━━━ RAW DATA

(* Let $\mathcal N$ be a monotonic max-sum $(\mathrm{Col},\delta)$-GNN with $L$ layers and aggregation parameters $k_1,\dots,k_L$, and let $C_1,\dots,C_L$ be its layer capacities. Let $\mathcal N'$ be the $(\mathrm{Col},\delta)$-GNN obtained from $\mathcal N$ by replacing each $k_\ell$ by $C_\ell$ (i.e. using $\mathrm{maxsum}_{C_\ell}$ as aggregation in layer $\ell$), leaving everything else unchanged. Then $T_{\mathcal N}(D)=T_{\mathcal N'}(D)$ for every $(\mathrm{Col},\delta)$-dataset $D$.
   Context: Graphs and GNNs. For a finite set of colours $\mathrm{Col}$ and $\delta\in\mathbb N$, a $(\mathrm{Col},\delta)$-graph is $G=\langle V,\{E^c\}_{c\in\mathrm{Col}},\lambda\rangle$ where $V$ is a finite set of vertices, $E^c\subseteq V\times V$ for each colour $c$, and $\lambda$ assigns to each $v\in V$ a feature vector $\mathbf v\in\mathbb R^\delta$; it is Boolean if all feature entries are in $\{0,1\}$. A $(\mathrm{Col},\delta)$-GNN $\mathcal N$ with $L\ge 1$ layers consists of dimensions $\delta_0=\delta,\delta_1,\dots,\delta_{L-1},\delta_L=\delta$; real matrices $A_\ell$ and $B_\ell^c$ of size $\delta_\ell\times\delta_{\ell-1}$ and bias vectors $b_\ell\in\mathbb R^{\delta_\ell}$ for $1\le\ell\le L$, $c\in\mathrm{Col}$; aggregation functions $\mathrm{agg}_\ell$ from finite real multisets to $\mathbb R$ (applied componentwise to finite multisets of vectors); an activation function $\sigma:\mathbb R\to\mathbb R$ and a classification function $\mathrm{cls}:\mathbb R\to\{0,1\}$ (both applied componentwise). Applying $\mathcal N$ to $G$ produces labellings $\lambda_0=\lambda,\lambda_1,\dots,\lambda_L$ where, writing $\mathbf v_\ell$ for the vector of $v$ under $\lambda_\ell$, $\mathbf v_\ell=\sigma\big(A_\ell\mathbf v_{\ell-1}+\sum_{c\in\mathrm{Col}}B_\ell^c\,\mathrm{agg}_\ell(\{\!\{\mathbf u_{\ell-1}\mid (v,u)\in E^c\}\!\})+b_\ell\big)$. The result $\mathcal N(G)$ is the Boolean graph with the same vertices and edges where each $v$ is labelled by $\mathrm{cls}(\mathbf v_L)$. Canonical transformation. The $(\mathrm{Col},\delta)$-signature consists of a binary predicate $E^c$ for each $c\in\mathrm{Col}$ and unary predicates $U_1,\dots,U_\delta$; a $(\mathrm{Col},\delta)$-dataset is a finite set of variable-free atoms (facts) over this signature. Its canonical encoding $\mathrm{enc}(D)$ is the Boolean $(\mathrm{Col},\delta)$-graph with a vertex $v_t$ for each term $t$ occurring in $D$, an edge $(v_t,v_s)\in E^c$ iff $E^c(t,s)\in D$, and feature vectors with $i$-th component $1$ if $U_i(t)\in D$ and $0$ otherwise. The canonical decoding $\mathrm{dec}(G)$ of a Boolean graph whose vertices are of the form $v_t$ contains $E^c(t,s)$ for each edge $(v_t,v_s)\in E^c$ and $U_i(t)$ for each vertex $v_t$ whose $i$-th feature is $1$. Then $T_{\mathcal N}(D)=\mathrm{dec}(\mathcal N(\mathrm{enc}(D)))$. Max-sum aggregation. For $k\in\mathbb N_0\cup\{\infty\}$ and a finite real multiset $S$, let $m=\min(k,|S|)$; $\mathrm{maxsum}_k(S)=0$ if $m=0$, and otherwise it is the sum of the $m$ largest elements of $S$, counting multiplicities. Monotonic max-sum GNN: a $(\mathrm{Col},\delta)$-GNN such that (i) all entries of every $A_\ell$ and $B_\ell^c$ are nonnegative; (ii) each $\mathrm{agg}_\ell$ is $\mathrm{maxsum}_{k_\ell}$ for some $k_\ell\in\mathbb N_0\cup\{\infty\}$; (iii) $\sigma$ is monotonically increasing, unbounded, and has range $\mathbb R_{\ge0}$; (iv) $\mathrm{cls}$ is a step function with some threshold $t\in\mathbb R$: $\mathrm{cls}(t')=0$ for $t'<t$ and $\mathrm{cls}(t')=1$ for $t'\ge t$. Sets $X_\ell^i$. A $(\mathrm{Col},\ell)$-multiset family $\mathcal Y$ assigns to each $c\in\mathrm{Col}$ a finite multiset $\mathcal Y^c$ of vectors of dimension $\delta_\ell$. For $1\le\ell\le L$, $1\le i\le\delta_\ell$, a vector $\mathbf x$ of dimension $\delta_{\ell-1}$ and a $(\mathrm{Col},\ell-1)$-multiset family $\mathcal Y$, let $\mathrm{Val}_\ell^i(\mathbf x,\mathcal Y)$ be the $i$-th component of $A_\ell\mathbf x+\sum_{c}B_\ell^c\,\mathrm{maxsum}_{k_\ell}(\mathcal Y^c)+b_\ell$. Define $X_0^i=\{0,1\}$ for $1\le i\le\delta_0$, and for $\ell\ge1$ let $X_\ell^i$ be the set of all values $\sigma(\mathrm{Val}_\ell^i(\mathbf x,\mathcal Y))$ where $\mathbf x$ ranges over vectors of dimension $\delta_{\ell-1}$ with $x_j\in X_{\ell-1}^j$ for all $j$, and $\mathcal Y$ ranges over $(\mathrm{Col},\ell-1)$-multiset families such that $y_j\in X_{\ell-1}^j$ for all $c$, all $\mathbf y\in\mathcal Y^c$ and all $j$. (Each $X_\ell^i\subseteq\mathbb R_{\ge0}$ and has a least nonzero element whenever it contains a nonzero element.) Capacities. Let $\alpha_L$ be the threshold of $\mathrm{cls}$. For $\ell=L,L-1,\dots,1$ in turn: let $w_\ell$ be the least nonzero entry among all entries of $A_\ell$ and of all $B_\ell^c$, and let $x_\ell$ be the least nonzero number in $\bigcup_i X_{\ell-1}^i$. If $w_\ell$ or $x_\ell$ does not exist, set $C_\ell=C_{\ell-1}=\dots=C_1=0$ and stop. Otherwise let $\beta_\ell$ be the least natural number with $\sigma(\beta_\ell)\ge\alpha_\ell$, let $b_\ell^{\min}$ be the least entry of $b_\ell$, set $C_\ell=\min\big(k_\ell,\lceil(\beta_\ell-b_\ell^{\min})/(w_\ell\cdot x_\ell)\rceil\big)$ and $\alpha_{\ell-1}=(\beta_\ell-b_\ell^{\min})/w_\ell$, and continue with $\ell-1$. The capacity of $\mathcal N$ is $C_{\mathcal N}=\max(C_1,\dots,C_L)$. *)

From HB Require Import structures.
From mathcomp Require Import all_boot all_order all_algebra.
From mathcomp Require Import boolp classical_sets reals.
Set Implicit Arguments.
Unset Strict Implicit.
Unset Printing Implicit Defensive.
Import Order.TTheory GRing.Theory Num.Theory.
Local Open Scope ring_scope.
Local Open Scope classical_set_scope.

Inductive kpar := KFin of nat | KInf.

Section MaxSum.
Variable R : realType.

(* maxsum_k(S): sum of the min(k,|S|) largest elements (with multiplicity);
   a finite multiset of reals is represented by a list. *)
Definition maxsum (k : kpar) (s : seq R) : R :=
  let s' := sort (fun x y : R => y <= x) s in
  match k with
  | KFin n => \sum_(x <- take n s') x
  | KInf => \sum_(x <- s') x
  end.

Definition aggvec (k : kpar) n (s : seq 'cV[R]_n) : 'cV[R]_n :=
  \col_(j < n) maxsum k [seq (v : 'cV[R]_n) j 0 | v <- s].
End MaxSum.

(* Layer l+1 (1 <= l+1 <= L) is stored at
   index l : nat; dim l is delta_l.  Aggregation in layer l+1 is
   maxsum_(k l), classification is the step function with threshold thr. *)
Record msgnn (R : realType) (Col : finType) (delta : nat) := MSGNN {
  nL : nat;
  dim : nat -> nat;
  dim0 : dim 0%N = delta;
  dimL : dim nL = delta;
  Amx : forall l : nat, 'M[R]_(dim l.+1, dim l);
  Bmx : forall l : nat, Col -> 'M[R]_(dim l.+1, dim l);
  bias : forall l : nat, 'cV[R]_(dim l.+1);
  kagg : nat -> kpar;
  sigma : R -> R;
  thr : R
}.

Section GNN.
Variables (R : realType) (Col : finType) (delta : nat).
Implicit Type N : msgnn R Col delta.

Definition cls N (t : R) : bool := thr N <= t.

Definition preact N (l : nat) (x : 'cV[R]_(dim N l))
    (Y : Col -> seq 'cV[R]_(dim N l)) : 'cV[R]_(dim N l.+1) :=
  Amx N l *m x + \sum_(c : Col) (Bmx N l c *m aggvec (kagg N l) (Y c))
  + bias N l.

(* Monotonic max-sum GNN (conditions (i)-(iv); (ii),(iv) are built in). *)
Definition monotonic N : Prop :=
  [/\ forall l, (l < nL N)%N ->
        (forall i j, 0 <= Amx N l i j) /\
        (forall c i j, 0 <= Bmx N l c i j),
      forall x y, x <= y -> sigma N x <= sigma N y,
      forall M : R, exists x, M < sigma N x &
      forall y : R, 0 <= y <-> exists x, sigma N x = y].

━━━━━━

• **INSTRUCTIONS TO FOLLOW**: Nothing but a number is asked for: how many lines of the records contain the word "Open"?

• **RESULT FOR THIS EXERCISE**: 2